As indicated in the table below, the target concentration is 1.0 mg/mL. The 50% of the 1.0 mg/mL is equal to 0.5 mg/mL, how?
Multiply, 1.0 mg/mL * (50/100) = 0.5 mg/mL.
Now we know that the working standards concentration is from (0.5, 0.7, 0.85, 1, 1.15, 1.3) mg/mL. What we need to do know is to figure out the stock standard concentration in order to prepare the working standards by the serial dilutions. In this example, the stock solution has a concentration of 2.67 mg/mL.
Figure 12
Figure 13
After injecting the working standards through the instrument. The calibration curve was constructed for the visual examination to see how the data lie along the least squares line.
Figure 14
numbers are arbitrary in vacuum, the instrument gives out responses in form of numbers. It’s our responsibility to know how they’re generated and how they can benefit us. By the same line of thought, we want to examine the quality of the linear response over the specified concentration range.
How to examine the quality of the linear response?
Examining the quality of the linear response is partly determined by inspecting the slope, ideally, the closer to zero the higher the quality of the linear response. In order to do that the response factor (RF) is first determined.
Response factor is the calculated by dividing the area of response by concentration of analyte.

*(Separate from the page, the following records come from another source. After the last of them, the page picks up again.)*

(* For every integer $k\ge 1$ and every real $t$, $$R_{k}(t^{2})=-R_{k-1}(t^{2})+4t\,T_{2k-1}(t)+(-1)^{k-1}8t^{2}.$$ Consequently, for every $t\in(0,1]$ and every integer $k\ge 0$, $$\frac{|R_{k}(t^{2})|}{t}\leq 4(2k+1)t+4\sum_{j=1}^{k}\min\{1,(2j-1)t\}.$$
   Context: $T_k$ denotes the Chebyshev polynomial of the first kind: $T_0(t)=1$, $T_1(t)=t$, $T_{k+1}(t)=2tT_k(t)-T_{k-1}(t)$. For each integer $k\ge 0$, $P_k$ and $Q_k$ are the unique polynomials such that $T_{2k}(t)=(-1)^k+P_k(t^2)$ and $T_{2k+1}(t)=(-1)^k(2k+1)t+t\,Q_k(t^2)$ for all real $t$ (so $P_k(0)=Q_k(0)=0$). For $k\ge 0$ define $R_k(x):=2P_k(x)-4(-1)^k(2k+1)x$. *)

From HB Require Import structures.
From mathcomp Require Import all_boot all_order all_algebra.
Set Implicit Arguments. Unset Strict Implicit. Unset Printing Implicit Defensive.
Import Order.TTheory GRing.Theory Num.Theory.
Local Open Scope ring_scope.

Section Cheb.
Variable R : realFieldType.

(* pair (T_n, T_{n+1}) *)
Fixpoint cheb_pair (n : nat) : {poly R} * {poly R} :=
  match n with
  | 0%N => (1, 'X)
  | n'.+1 => let (a, b) := cheb_pair n' in (b, 2%:R *: 'X * b - a)
  end.

Definition cheb (n : nat) : {poly R} := (cheb_pair n).1.

(* P_k : T_{2k}(t) = (-1)^k + P_k(t^2); even_poly p has i-th coefficient p`_(2i) *)
Definition chebP (k : nat) : {poly R} :=
  even_poly (cheb k.*2) - ((-1) ^+ k)%:P.

(* Q_k : T_{2k+1}(t) = (-1)^k (2k+1) t + t Q_k(t^2) *)
Definition chebQ (k : nat) : {poly R} :=
  odd_poly (cheb k.*2.+1) - ((-1) ^+ k * (k.*2.+1)%:R)%:P.

Definition chebR (k : nat) : {poly R} :=
  2%:R *: chebP k - (4%:R * (-1) ^+ k * (k.*2.+1)%:R) *: 'X.

End Cheb.

From HB Require Import structures.
From mathcomp Require Import all_boot all_order all_algebra.
From mathcomp Require Import ring lra.
Import Order.TTheory GRing.Theory Num.Theory.
Local Open Scope ring_scope.

(* Since T_(2k) is even, P_k(t^2) = T_(2k)(t) - (-1)^k, so R_k(t^2) is an
   explicit expression in T_(2k)(t), and the three-term recurrence
   T_(2k) = 2t T_(2k-1) - T_(2k-2) gives the recurrence for R_k.
   For the bound, iterate the recurrence with the triangle inequality: it
   suffices that |T_(2j-1)(t)| <= min(1, (2j-1)t) on [0, 1].  Both estimates
   come from the Pell identity T_n^2 - (t^2 - 1) U_(n-1)^2 = 1, which for
   t^2 <= 1 bounds |T_n| and |(t^2 - 1) U_(n-1)| by 1, whence
   |T_(n+2)| <= |T_n| + 2t. *)

Lemma horner_even_poly_sqr {R : comNzRingType} (p : {poly R}) (t : R) :
  2%:R * (even_poly p).[t ^+ 2] = p.[t] + p.[- t].
Proof.
have split_even_odd x : p.[x] = (even_poly p).[x ^+ 2] + (odd_poly p).[x ^+ 2] * x.
  by rewrite -{1}(poly_even_odd p) !hornerE !horner_comp !hornerE.
by rewrite (split_even_odd t) (split_even_odd (- t)) sqrrN; ring.
Qed.

Section Chebyshev.
Variable R : realFieldType.
Implicit Types (t : R) (n k : nat).

Lemma chebSS n : cheb R n.+2 = 2%:R *: 'X * cheb R n.+1 - cheb R n.
Proof. by rewrite /cheb /=; case: (cheb_pair R n). Qed.

Lemma horner_chebSS n t :
  (cheb R n.+2).[t] = 2%:R * t * (cheb R n.+1).[t] - (cheb R n).[t].
Proof. by rewrite chebSS !hornerE. Qed.

Lemma horner_chebN n t : (cheb R n).[- t] = (-1) ^+ n * (cheb R n).[t].
Proof.
suff : (cheb R n).[- t] = (-1) ^+ n * (cheb R n).[t] /\
       (cheb R n.+1).[- t] = (-1) ^+ n.+1 * (cheb R n.+1).[t] by case.
elim: n => [|n [IHn IHn1]]; first by rewrite /= !hornerE expr1; split => //; ring.
by split => //; rewrite !horner_chebSS IHn IHn1 !exprS; ring.
Qed.

Lemma horner_chebR_sqr k t : (chebR R k).[t ^+ 2] =
  2%:R * ((cheb R k.*2).[t] - (-1) ^+ k) - 4%:R * (-1) ^+ k * (k.*2.+1)%:R * t ^+ 2.
Proof.
have even_part := horner_even_poly_sqr (cheb R k.*2) t.
have sign_even : (-1) ^+ k.*2 = 1 :> R by rewrite -mul2n exprM sqrrN !expr1n.
rewrite horner_chebN sign_even mul1r in even_part.
rewrite /chebR /chebP !hornerE.
have -> : (even_poly (cheb R k.*2)).[t ^+ 2] = (cheb R k.*2).[t].
  have two_neq0 : 2%:R != 0 :> R by rewrite pnatr_eq0.
  by apply: (mulfI two_neq0); rewrite even_part; ring.
by ring.
Qed.

Lemma chebR_recurrence k t : (1 <= k)%N ->
  (chebR R k).[t ^+ 2] =
    - (chebR R k.-1).[t ^+ 2] + 4%:R * t * (cheb R k.*2.-1).[t]
    + (-1) ^+ k.-1 * 8%:R * t ^+ 2.
Proof.
case: k => // k _ /=.
rewrite !horner_chebR_sqr doubleS horner_chebSS /= exprS -!natr1 -!muln2 !natrM.
by ring.
Qed.

(* The pair (T_n(t), U_(n-1)(t)): the coordinates of (t + sqrt(t^2 - 1))^n
   in the basis (1, sqrt(t^2 - 1)). *)
Fixpoint chebTU t n : R * R :=
  if n is n'.+1 then
    let (c, u) := chebTU t n' in (t * c + (t ^+ 2 - 1) * u, t * u + c)
  else (1, 0).

Lemma horner_chebTU n t : (cheb R n).[t] = (chebTU t n).1.
Proof.
suff : (cheb R n).[t] = (chebTU t n).1 /\ (cheb R n.+1).[t] = (chebTU t n.+1).1.
  by case.
elim: n => [|n [IHn IHn1]]; first by rewrite /= !hornerE; split => //; ring.
by split => //; rewrite horner_chebSS IHn IHn1 /=; case: (chebTU t n) => c u /=; ring.
Qed.

Lemma chebTU_pell n t :
  (chebTU t n).1 ^+ 2 - (t ^+ 2 - 1) * (chebTU t n).2 ^+ 2 = 1.
Proof.
elim: n => [|n IHn] /=; first by ring.
by move: IHn; case: (chebTU t n) => c u /= pell; rewrite -[RHS]pell; ring.
Qed.

Lemma chebTU_SS n t : (chebTU t n.+2).1 =
  (2%:R * t ^+ 2 - 1) * (chebTU t n).1 + 2%:R * t * ((t ^+ 2 - 1) * (chebTU t n).2).
Proof. by rewrite /=; case: (chebTU t n) => c u /=; ring. Qed.

Lemma norm_le1_sqr (x : R) : x ^+ 2 <= 1 -> `|x| <= 1.
Proof. by move=> x2_le1; rewrite ler_norml; apply/andP; split; nra. Qed.

Lemma norm_chebTU_le1 n t : t ^+ 2 <= 1 ->
  `|(chebTU t n).1| <= 1 /\ `|(t ^+ 2 - 1) * (chebTU t n).2| <= 1.
Proof.
move=> t2_le1; have := chebTU_pell n t; case: (chebTU t n) => c u /= pell.
have u2_ge0 := sqr_ge0 u; have c2_ge0 := sqr_ge0 c.
split; apply: norm_le1_sqr; first by nra.
have -> : ((t ^+ 2 - 1) * u) ^+ 2 = (t ^+ 2 - 1) * ((t ^+ 2 - 1) * u ^+ 2) by ring.
have -> : (t ^+ 2 - 1) * u ^+ 2 = c ^+ 2 - 1 by lra.
by nra.
Qed.

Lemma norm_horner_cheb_le1 n t : t ^+ 2 <= 1 -> `|(cheb R n).[t]| <= 1.
Proof. by move=> t2_le1; rewrite horner_chebTU; case: (norm_chebTU_le1 n t t2_le1). Qed.

Lemma norm_horner_cheb_odd_le k t : 0 <= t -> t <= 1 ->
  `|(cheb R k.*2.+1).[t]| <= (k.*2.+1)%:R * t.
Proof.
move=> t_ge0 t_le1; have t2_le1 : t ^+ 2 <= 1 by nra.
rewrite horner_chebTU; elim: k => [|k IHk].
  by rewrite /= mul1r ger0_norm; lra.
rewrite doubleS chebTU_SS.
have [_ w_le1] := norm_chebTU_le1 k.*2.+1 t t2_le1.
have -> : (k.*2.+3)%:R = (k.*2.+1)%:R + 2%:R :> R by rewrite -!natr1; ring.
move: IHk w_le1; set c := (chebTU t _).1; set w := _ * (chebTU t _).2.
by rewrite !ler_norml => /andP [? ?] /andP [? ?]; apply/andP; split; nra.
Qed.

Lemma norm_horner_cheb_odd_le_min k t : 0 <= t -> t <= 1 ->
  `|(cheb R k.*2.+1).[t]| <= Num.min 1 ((k.*2.+1)%:R * t).
Proof.
move=> t_ge0 t_le1.
by rewrite le_min norm_horner_cheb_le1 ?norm_horner_cheb_odd_le //; nra.
Qed.

Lemma norm_chebR_le k t : 0 < t -> t <= 1 ->
  `|(chebR R k).[t ^+ 2]| <=
    (4%:R * (k.*2.+1)%:R * t
     + 4%:R * \sum_(1 <= j < k.+1) Num.min 1 ((j.*2.-1)%:R * t)) * t.
Proof.
move=> t_gt0 t_le1; have t2_ge0 := sqr_ge0 t.
elim: k => [|k IHk].
  rewrite big_geq // horner_chebR_sqr /= hornerE expr0 !mulr1 mulr0 addr0.
  by rewrite ler0_norm; nra.
rewrite big_nat_recr //= chebR_recurrence //= -/(k.*2).
have -> : (k.*2.+3)%:R = (k.*2.+1)%:R + 2%:R :> R by rewrite -!natr1; ring.
have cheb_le := norm_horner_cheb_odd_le_min k t (ltW t_gt0) t_le1.
move: IHk cheb_le; set r := (chebR R k).[_]; set c := (cheb R _).[t].
set m := Num.min _ _; set S := \sum_(_ <= _ < _) _ => IHk cheb_le.
have triangle : `|- r + 4%:R * t * c + (-1) ^+ k * 8%:R * t ^+ 2| <=
    `|r| + 4%:R * t * `|c| + 8%:R * t ^+ 2.
  apply: (le_trans (ler_normD _ _)); apply: lerD.
    apply: (le_trans (ler_normD _ _)); rewrite normrN lerD //.
    by rewrite !normrM (ger0_norm (ltW t_gt0)) ger0_norm.
  rewrite !normrM normrX normrN normr1 expr1n mul1r ger0_norm //.
  by rewrite ger0_norm ?(ltW t_gt0) // expr2.
apply: (le_trans triangle).
have : 4%:R * t * `|c| <= 4%:R * t * m by rewrite ler_pM2l //; lra.
by nra.
Qed.

End Chebyshev.

Theorem mainTheorem2 (R : realFieldType) :
  (forall (k : nat) (t : R), (1 <= k)%N ->
     (chebR R k).[t ^+ 2] =
       - (chebR R k.-1).[t ^+ 2] + 4%:R * t * (cheb R (k.*2.-1)).[t]
       + (-1) ^+ k.-1 * 8%:R * t ^+ 2)
  /\
  (forall (t : R) (k : nat), 0 < t -> t <= 1 ->
     `|(chebR R k).[t ^+ 2]| / t <=
       4%:R * (k.*2.+1)%:R * t
       + 4%:R * \sum_(1 <= j < k.+1) Num.min 1 ((j.*2.-1)%:R * t)).
Proof.
split; first exact: chebR_recurrence.
by move=> t k t_gt0 t_le1; rewrite ler_pdivrMr //; exact: norm_chebR_le.
Qed.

RF = Area / Conc.Generally, response factor is determined at each measured concentration and plotting this response factor against analyte concentration, where then the slope can be determined using the Linest function in excel. As you can in the example mentioned the response is independent of the concentration that alludes to a true linearity over the range of concentrations. Additionally, the slope in the example is inclined towards zero which improves the confidence in the quality of the linear response.
Figure 15
Having fulfilled the visual aspect of linearity, along with response factor. There still another layer of conformity that need to be performed to show a deeper understanding of the behavior of the model that is relying more on the statistical calculations to show if there are any deviations from the assumed linearity – the residual analysis. Essentially, residuals measure the difference between the measured value and the calculated value using the slope and the intercept determined by a fit of all data to predict the calculated value. Typically, residuals should be randomly distributed around the true mean of zero.
Figure 16
Figure 17
So now we’ve fulfilled the first parameter of the linearity study which is the correlation coefficient. Then the remaining are the y-intercept, residual standard deviation, and range. The validated working range is determined by the investigation of the accuracy and precision parameters of the method.

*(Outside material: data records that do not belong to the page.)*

(* Fix a time $t\ge0$, a multiplier $\lambda\ge0$, and a differentiable parametric policy $\pi_\theta(a\mid x)$ with $\pi_\theta(a\mid x)>0$ implying $\pi_0(a\mid x)>0$ (common support), and assume $L$ and $C$ are conditionally independent given $(x,a)$. Let $c(x,a)$ be a known cost function, $\hat\pi_0,\hat G,\hat S$ fixed (not depending on $\mathcal{D}$) models with $\hat G(t\mid x,a)>0$ and $\hat\pi_0(a\mid x)>0$ whenever $\pi_\theta(a\mid x)>0$, and $\hat w'(x,a)=\pi_\theta(a\mid x)/\hat\pi_0(a\mid x)$. Define $$\widehat{\nabla_\theta L}_{\mathrm{IPCW\text{-}IPS}}=\frac1n\sum_{i=1}^n \hat w'(x_i,a_i)\Big(\frac{\mathbb{I}\{T_i>t\}}{\hat G(t\mid x_i,a_i)}-\lambda c(x_i,a_i)\Big)\nabla_\theta\log\pi_\theta(a_i\mid x_i),$$ $$\widehat{\nabla_\theta L}_{\mathrm{IPCW\text{-}DR}}=\frac1n\sum_{i=1}^n\Big(\hat w'(x_i,a_i)\Big(\frac{\mathbb{I}\{T_i>t\}}{\hat G(t\mid x_i,a_i)}-\hat S(x_i,a_i,t)\Big)\nabla_\theta\log\pi_\theta(a_i\mid x_i)+\sum_{a\in\mathcal{A}}\pi_\theta(a\mid x_i)\big(\hat S(x_i,a,t)-\lambda c(x_i,a)\big)\nabla_\theta\log\pi_\theta(a\mid x_i)\Big).$$ Let $R_\lambda(x,a,t)=S(x,a,t)-\lambda c(x,a)$ and $g(\theta)=\mathbb{E}_{p(x)\pi_\theta(a\mid x)}[R_\lambda(x,a,t)\nabla_\theta\log\pi_\theta(a\mid x)]$ (the Lagrangian policy gradient $\nabla_\theta L(\pi_\theta,t,\lambda)$). Suppose $\hat G(t\mid x,a)=G(t\mid x,a)$ for all $x,a$. Then $\mathbb{E}_{\mathcal{D}}[\widehat{\nabla_\theta L}_{\mathrm{IPCW\text{-}IPS}}]=g(\theta)$ if $\hat\pi_0=\pi_0$, and $\mathbb{E}_{\mathcal{D}}[\widehat{\nabla_\theta L}_{\mathrm{IPCW\text{-}DR}}]=g(\theta)$ if either $\hat\pi_0=\pi_0$ or $\hat S(x,a,t)=S(x,a,t)$ for all $x,a$.
   Context: Let $\mathcal{X}$ be a context space and $\mathcal{A}$ a finite action set. A policy $\pi(a\mid x)$ is a conditional distribution over $\mathcal{A}$ given $x$. The logged data $\mathcal{D}=\{(x_i,a_i,T_i,r_i)\}_{i=1}^n$ consists of $n$ i.i.d. draws generated by $(x,a,L,C)\sim p(x)\pi_0(a\mid x)p(L,C\mid x,a)$ for a logging policy $\pi_0$, where $L\ge0$ is the latent survival time, $C\ge0$ the censoring time, and only $T=\min\{L,C\}$ and $r=\mathbb{I}\{L\le C\}$ are observed. Define $S(x,a,t)=P(L>t\mid x,a)$, $G(t\mid x,a)=P(C>t\mid x,a)$, $V(\pi,t)=\mathbb{E}_{p(x)\pi(a\mid x)}[S(x,a,t)]$, the expected cost $C(\pi)=\mathbb{E}_{p(x)\pi(a\mid x)}[c(x,a)]$, and for a budget $B$ the Lagrangian $L(\pi_\theta,t,\lambda)=V(\pi_\theta,t)-\lambda(C(\pi_\theta)-B)$. *)

From HB Require Import structures.
From mathcomp Require Import all_boot all_order all_algebra.
From mathcomp Require Import all_classical all_reals all_analysis.
From mathcomp Require Import measurable_realfun.
Set Implicit Arguments. Unset Strict Implicit. Unset Printing Implicit Defensive.
Import Order.TTheory GRing.Theory Num.Theory.
Import numFieldNormedType.Exports.
Local Open Scope classical_set_scope.
Local Open Scope ring_scope.

Section Defs.
Context {R : realType} {dX : measure_display} {X : measurableType dX}
  {A : finType} {m : nat}.

(* PLC x a : joint law p(L,C | x,a) of (latent survival time, censoring time) *)

Definition surv (PLC : X -> A -> probability (R * R)%type R) (x : X) (a : A) (t : R) : R :=
  fine (PLC x a ([set l | t < l] `*` [set: R])).

Definition cens (PLC : X -> A -> probability (R * R)%type R) (t : R) (x : X) (a : A) : R :=
  fine (PLC x a ([set: R] `*` [set c | t < c])).

Definition dlogpi (pol : 'rV[R]_m -> X -> A -> R) (th : 'rV[R]_m) (x : X) (a : A)
  (j : 'I_m) : R :=
  'D_(delta_mx 0 j) (fun th' => ln (pol th' x a)) th.

Definition ips_term (pol : 'rV[R]_m -> X -> A -> R) (pi0h : X -> A -> R)
  (Gh : R -> X -> A -> R) (c : X -> A -> R) (lam t : R) (th : 'rV[R]_m)
  (j : 'I_m) (x : X) (a : A) (T : R) : R :=
  pol th x a / pi0h x a * ((if t < T then 1 else 0) / Gh t x a - lam * c x a) * dlogpi pol th x a j.

Definition dr_term (pol : 'rV[R]_m -> X -> A -> R) (pi0h : X -> A -> R)
  (Gh : R -> X -> A -> R) (Sh : X -> A -> R -> R) (c : X -> A -> R) (lam t : R)
  (th : 'rV[R]_m) (j : 'I_m) (x : X) (a : A) (T : R) : R :=
  pol th x a / pi0h x a * ((if t < T then 1 else 0) / Gh t x a - Sh x a t) * dlogpi pol th x a j
  + \sum_(b : A) pol th x b * (Sh x b t - lam * c x b) * dlogpi pol th x b j.

Definition lag_grad (px : probability X R) (PLC : X -> A -> probability (R * R)%type R)
  (pol : 'rV[R]_m -> X -> A -> R) (c : X -> A -> R) (lam t : R) (th : 'rV[R]_m)
  (j : 'I_m) : \bar R :=
  (\int[px]_x (\sum_(a : A) pol th x a * (surv PLC x a t - lam * c x a)
                 * dlogpi pol th x a j)%:E)%E.

(* the dataset: n random samples (x_i, a_i, L_i, C_i) on a probability space;
   observed T_i = min(L_i, C_i), r_i = 1{L_i <= C_i}. *)
Definition sample_event {d : measure_display} {Om : measurableType d}
  (Xs : Om -> X) (As : Om -> A) (Ls Cs : Om -> R)
  (B : set X) (D : set A) (E F : set R) : set Om :=
  [set w | B (Xs w) /\ D (As w) /\ E (Ls w) /\ F (Cs w)].

Definition samples_indep {d : measure_display} {Om : measurableType d}
  (P : probability Om R) (n : nat)
  (Xs : 'I_n -> Om -> X) (As : 'I_n -> Om -> A) (Ls Cs : 'I_n -> Om -> R) : Prop :=
  forall (B : 'I_n -> set X) (D : 'I_n -> set A) (E F : 'I_n -> set R),
    (forall i, measurable (B i)) -> (forall i, measurable (E i)) ->
    (forall i, measurable (F i)) ->
    P (\bigcap_(i in [set: 'I_n]) sample_event (Xs i) (As i) (Ls i) (Cs i) (B i) (D i) (E i) (F i))
    = (\prod_(i < n) P (sample_event (Xs i) (As i) (Ls i) (Cs i) (B i) (D i) (E i) (F i)))%E.

Definition sample_law {d : measure_display} {Om : measurableType d}
  (P : probability Om R) (px : probability X R) (pi0 : X -> A -> R)
  (PLC : X -> A -> probability (R * R)%type R)
  (Xs : Om -> X) (As : Om -> A) (Ls Cs : Om -> R) : Prop :=
  forall (B : set X) (a : A) (E F : set R),
    measurable B -> measurable E -> measurable F ->
    P (sample_event Xs As Ls Cs B [set a] E F)
    = (\int[px]_(x in B) ((pi0 x a)%:E * PLC x a (E `*` F)))%E.

End Defs.

(* Each summand of either estimator depends on the observed time T = min(L, C)
   only through the indicator 1{T > t}, and since L and C are independent
   given (x, a), that indicator is Bernoulli with parameter S(x,a,t) G(t|x,a).
   Disintegrating the law of one sample along X (the events {A = a, 1{T > t} = b}
   have densities pi0(a|x) P(1{T > t} = b | x, a) with respect to p(x)) turns its
   expectation into an integral over p(x) of a finite sum. When the censoring
   model is correct, 1{T > t} / G has conditional mean S (inverse probability
   of censoring weighting), and the importance weight pi_theta / hat pi0 then
   cancels pi0 when hat pi0 = pi0. For the doubly robust estimator the
   correction term has mean pi0 pi_theta / hat pi0 (S - hat S): it vanishes when
   hat S = S, and when hat pi0 = pi0 it combines with the direct term into
   pi_theta (S - lambda c). All samples share one marginal law, so the average
   has the expectation of a single summand. *)

From HB Require Import structures.
From mathcomp Require Import all_boot all_order all_algebra.
From mathcomp Require Import all_classical all_reals all_analysis.
From mathcomp Require Import measurable_realfun.
From mathcomp Require Import ring.
Import Order.TTheory GRing.Theory Num.Theory.
Import numFieldNormedType.Exports.
Local Open Scope classical_set_scope.
Local Open Scope ring_scope.
Set Implicit Arguments. Unset Strict Implicit.

Section integral_comp_density.
Local Open Scope ereal_scope.
Context d (Om : measurableType d) dX (X : measurableType dX) (R : realType).
Variables (P : {measure set Om -> \bar R}) (px : {measure set X -> \bar R}).
Variables (Xf : Om -> X) (S : set Om) (rho : X -> R).
Hypotheses (mXf : measurable_fun setT Xf) (mS : measurable S).
Hypotheses (rho_ge0 : forall x, (0 <= rho x)%R) (mrho : measurable_fun setT rho).
Hypothesis density : forall B, measurable B ->
  P (S `&` Xf @^-1` B) = \int[px]_(x in B) (rho x)%:E.

Import HBNNSimple.

Lemma nnsfun_integral_comp_density (h : {nnsfun X >-> R}) :
  \int[P]_(w in S) (h (Xf w))%:E = \int[px]_x ((h x)%:E * (rho x)%:E).
Proof.
have mpre y : measurable (Xf @^-1` (h @^-1` [set y])).
  by rewrite -[X in measurable X]setTI; exact: mXf.
transitivity (\int[P]_(w in S)
    (\sum_(y \in range h) (y * \1_(Xf @^-1` (h @^-1` [set y])) w)%:E)).
  by apply: eq_integral => w _; rewrite fimfunE -fsumEFin.
transitivity (\int[px]_x (\sum_(y \in range h)
    (y * \1_(h @^-1` [set y]) x)%:E * (rho x)%:E)); last first.
  apply: eq_integral => x _.
  rewrite -ge0_mule_fsuml => [|y]; last exact: nnfun_muleindic_ge0.
  by rewrite fsumEFin // -(fimfunE _ x).
rewrite !ge0_integral_fsum//; first last.
- by move=> y w _; rewrite EFinM nnfun_muleindic_ge0.
- by move=> y; apply/measurable_EFinP; exact: measurable_funM.
- move=> y x _; apply: mule_ge0; last by rewrite lee_fin.
  by rewrite EFinM nnfun_muleindic_ge0.
- move=> y; apply/emeasurable_funM; apply/measurable_EFinP => //.
  exact/measurable_funM/measurable_indic.
apply: eq_fsbigr => r /[!inE] -[x _ <-].
rewrite (integralZl_indic mS (fun k => Xf @^-1` (h @^-1` [set k])))//; last first.
  move=> r0; apply/seteqP; split=> // w /= hw.
  by move: r0; rewrite -hw ltNge fun_ge0.
under [RHS]eq_integral do rewrite EFinM -muleA.
rewrite ge0_integralZl ?lee_fin//; first last.
- by move=> y _; rewrite mule_ge0 ?lee_fin.
- by apply: emeasurable_funM; apply/measurable_EFinP => //; exact: measurable_indic.
rewrite integral_indic// setIC density// integral_mkcond; congr (_ * _).
apply: eq_integral => y _; rewrite patchE /= indicE.
by case: (_ \in _); rewrite ?mul1e ?mul0e.
Qed.

Lemma ge0_integral_comp_density (f : X -> \bar R) :
  (forall x, 0 <= f x) -> measurable_fun setT f ->
  \int[P]_(w in S) f (Xf w) = \int[px]_x (f x * (rho x)%:E).
Proof.
move=> f0 mf; pose h := nnsfun_approx measurableT mf.
have hf x : (fun n => ((h n) x)%:E) @ \oo --> f x by exact: cvg_nnsfun_approx.
have h_nd x : {homo (fun n => ((h n) x)%:E) : a b / (a <= b)%N >-> a <= b}.
  by move=> a b ab; rewrite lee_fin; exact/lefP/nd_nnsfun_approx.
transitivity (lim (\int[P]_(w in S) ((h n) (Xf w))%:E @[n --> \oo])).
  rewrite -monotone_convergence//.
  - by apply: eq_integral => w _; apply/esym/cvg_lim => //; exact: hf.
  - move=> n; apply/measurable_EFinP; apply: measurable_funTS.
    by apply: measurableT_comp => //; exact: measurable_funP.
  - by move=> n w _; rewrite lee_fin.
under eq_fun do rewrite nnsfun_integral_comp_density.
rewrite -monotone_convergence//.
- by apply: eq_integral => x _; apply/cvg_lim => //; apply: cvgeZr => //; exact: hf.
- by move=> n; apply/emeasurable_funM; apply/measurable_EFinP.
- by move=> n x _; rewrite mule_ge0 ?lee_fin.
- by move=> x _ a b ab; rewrite lee_wpmul2r ?lee_fin//; exact: h_nd.
Qed.

Variable psi : X -> R.
Hypothesis mpsi : measurable_fun setT psi.

Let mEpsi : measurable_fun setT (EFin \o psi). Proof. exact/measurable_EFinP. Qed.

Lemma integrable_comp_density : P.-integrable S (fun w => (psi (Xf w))%:E) ->
  px.-integrable setT (fun x => (psi x * rho x)%:E).
Proof.
move=> ipsi; apply/integrableP; split.
  by apply/measurable_EFinP; exact: measurable_funM.
under eq_integral do rewrite EFinM abseM (gee0_abs (x := (rho _)%:E)) ?lee_fin//.
rewrite -(@ge0_integral_comp_density (abse \o (EFin \o psi))) //.
- by case/integrableP: ipsi.
- by move=> x; exact: abse_ge0.
- exact: measurableT_comp.
Qed.

Lemma integral_comp_density :
  \int[P]_(w in S) (psi (Xf w))%:E = \int[px]_x (psi x * rho x)%:E.
Proof.
have posE x : (fun x => (psi x * rho x)%:E)^\+ x = (EFin \o psi)^\+ x * (rho x)%:E.
  by rewrite !funeposE /= maxe_pMl ?lee_fin// mul0e EFinM.
have negE x : (fun x => (psi x * rho x)%:E)^\- x = (EFin \o psi)^\- x * (rho x)%:E.
  by rewrite !funenegE /= maxe_pMl ?lee_fin// mul0e -EFinM mulNr.
rewrite integralE [RHS]integralE.
under [in RHS]eq_integral do rewrite posE.
under [X in _ = _ - X]eq_integral do rewrite negE.
rewrite -!ge0_integral_comp_density//; last 2 first.
- exact: measurable_funeneg.
- exact: measurable_funepos.
by congr (_ - _); apply: eq_integral => w _; rewrite ?funeposE ?funenegE.
Qed.

End integral_comp_density.

Section integral_partition_mean.
Local Open Scope ereal_scope.
Context d (T : measurableType d) (R : realType) (mu : {measure set T -> \bar R}).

The y-intercept and residual standard deviation calculation:The calculation is based on the regression line equation, Y = mx + b at 100% level. Where, Intercept = b, X variable 1 / Slope = m, x = 1068 ug/mL. The following table shows the calculation for the y-intercept and residual standard deviation.
Figure 18
Figure 19
Note, Correlation coefficient is not a measure of linearity but rather a measure of how well the data fits the model. It only reflects how much of the change in response is due to the change in concentration.